DATA PROVIDED |
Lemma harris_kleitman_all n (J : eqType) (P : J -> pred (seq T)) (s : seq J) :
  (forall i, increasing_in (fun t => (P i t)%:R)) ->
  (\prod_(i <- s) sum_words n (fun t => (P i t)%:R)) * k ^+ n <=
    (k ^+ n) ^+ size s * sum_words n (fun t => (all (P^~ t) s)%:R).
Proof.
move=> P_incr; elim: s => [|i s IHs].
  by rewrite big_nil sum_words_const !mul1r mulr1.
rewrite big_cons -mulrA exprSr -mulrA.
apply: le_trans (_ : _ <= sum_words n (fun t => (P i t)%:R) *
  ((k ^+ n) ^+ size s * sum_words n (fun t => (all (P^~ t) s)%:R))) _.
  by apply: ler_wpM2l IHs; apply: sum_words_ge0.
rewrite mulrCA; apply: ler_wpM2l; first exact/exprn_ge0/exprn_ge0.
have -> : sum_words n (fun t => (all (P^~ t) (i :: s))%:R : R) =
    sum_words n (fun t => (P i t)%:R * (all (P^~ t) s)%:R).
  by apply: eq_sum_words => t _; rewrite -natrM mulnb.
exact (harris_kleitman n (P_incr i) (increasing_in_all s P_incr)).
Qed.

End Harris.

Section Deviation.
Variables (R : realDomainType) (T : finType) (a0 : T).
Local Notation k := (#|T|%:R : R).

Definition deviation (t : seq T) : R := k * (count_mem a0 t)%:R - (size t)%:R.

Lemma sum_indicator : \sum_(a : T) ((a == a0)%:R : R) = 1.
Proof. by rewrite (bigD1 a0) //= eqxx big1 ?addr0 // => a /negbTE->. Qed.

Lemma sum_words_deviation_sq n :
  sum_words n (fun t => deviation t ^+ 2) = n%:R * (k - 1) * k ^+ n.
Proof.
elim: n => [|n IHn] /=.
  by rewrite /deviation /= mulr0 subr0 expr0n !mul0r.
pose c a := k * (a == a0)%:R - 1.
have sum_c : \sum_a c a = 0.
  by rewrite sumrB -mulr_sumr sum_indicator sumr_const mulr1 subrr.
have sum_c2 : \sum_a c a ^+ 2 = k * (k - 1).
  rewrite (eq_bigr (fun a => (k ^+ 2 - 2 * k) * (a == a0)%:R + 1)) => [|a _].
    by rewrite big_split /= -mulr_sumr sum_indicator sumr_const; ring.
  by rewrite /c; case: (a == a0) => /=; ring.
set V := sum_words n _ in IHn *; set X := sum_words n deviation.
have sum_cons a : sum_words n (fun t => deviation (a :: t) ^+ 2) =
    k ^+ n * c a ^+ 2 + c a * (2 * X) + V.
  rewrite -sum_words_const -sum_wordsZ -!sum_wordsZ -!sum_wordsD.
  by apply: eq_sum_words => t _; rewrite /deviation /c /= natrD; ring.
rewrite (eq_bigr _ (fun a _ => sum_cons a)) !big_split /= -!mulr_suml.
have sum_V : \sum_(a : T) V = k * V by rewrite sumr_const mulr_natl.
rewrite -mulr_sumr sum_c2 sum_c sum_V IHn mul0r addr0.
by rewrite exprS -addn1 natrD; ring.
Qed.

...

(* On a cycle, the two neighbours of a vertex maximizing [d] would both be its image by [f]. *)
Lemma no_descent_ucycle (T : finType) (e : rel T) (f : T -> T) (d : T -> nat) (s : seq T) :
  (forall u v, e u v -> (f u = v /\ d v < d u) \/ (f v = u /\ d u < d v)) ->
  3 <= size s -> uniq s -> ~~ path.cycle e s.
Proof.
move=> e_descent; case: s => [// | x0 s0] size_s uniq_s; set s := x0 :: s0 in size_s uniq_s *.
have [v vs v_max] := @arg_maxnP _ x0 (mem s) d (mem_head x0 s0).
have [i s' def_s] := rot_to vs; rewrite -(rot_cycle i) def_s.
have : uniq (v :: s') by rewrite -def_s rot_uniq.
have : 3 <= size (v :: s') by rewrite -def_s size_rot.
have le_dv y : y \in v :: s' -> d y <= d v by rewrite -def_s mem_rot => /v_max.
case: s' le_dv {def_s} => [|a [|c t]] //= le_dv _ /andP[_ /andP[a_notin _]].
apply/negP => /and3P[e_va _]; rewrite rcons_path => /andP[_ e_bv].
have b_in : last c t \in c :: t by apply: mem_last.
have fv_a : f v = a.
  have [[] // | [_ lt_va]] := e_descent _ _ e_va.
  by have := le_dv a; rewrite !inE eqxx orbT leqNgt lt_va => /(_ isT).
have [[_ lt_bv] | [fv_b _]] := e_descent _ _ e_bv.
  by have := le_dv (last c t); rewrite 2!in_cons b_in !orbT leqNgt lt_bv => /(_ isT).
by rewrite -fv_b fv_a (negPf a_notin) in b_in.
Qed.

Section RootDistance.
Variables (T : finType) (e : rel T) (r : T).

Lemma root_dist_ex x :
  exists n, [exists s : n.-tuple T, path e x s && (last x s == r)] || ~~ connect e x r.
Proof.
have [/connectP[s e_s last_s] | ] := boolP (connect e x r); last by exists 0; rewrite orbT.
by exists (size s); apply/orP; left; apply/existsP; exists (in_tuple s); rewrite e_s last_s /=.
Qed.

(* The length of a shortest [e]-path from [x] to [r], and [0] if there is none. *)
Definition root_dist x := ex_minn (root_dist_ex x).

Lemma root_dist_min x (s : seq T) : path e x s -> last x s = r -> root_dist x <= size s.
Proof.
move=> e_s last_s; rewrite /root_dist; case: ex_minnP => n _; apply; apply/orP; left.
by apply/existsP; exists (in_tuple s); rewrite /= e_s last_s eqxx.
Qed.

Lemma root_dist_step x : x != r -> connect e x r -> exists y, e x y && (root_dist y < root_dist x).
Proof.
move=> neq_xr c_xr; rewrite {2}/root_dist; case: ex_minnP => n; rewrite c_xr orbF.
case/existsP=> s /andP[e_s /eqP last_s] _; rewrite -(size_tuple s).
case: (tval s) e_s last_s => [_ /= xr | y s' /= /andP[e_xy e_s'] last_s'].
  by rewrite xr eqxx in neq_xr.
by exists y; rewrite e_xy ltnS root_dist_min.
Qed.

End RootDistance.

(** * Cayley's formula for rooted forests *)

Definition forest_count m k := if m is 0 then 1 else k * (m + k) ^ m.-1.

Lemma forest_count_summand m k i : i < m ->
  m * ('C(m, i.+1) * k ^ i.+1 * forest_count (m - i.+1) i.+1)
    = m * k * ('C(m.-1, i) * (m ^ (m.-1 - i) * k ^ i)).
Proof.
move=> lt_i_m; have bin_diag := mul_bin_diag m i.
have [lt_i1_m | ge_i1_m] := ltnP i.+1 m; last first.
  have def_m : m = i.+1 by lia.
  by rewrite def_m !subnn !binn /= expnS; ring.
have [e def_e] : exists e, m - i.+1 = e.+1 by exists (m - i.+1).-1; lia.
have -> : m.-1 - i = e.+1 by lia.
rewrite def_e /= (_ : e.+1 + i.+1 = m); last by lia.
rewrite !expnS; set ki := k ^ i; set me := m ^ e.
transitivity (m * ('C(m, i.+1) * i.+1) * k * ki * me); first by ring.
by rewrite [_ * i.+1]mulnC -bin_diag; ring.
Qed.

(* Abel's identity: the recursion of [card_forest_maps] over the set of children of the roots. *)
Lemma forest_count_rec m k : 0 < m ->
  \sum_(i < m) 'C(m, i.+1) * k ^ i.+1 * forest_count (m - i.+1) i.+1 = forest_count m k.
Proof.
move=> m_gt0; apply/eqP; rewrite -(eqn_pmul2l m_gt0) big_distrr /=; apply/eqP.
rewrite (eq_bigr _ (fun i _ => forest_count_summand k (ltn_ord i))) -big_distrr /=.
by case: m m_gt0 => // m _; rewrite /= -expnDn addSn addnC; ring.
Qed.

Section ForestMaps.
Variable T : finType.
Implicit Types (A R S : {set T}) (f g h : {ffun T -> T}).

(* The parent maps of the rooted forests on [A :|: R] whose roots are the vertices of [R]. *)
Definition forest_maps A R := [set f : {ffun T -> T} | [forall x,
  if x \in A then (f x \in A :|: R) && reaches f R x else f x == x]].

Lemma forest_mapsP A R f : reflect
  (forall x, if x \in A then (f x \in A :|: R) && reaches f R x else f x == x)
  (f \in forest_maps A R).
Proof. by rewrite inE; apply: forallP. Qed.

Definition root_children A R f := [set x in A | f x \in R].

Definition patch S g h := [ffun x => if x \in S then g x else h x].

ACTION ITEM |
Look back at the entries above and repeat, unchanged, every line from the line holding "by rewrite sumrB" through the line holding "have sum_cons a".

RESPONSE TO THE EXERCISE |
  by rewrite sumrB -mulr_sumr sum_indicator sumr_const mulr1 subrr.
have sum_c2 : \sum_a c a ^+ 2 = k * (k - 1).
  rewrite (eq_bigr (fun a => (k ^+ 2 - 2 * k) * (a == a0)%:R + 1)) => [|a _].
    by rewrite big_split /= -mulr_sumr sum_indicator sumr_const; ring.
  by rewrite /c; case: (a == a0) => /=; ring.
set V := sum_words n _ in IHn *; set X := sum_words n deviation.
have sum_cons a : sum_words n (fun t => deviation (a :: t) ^+ 2) =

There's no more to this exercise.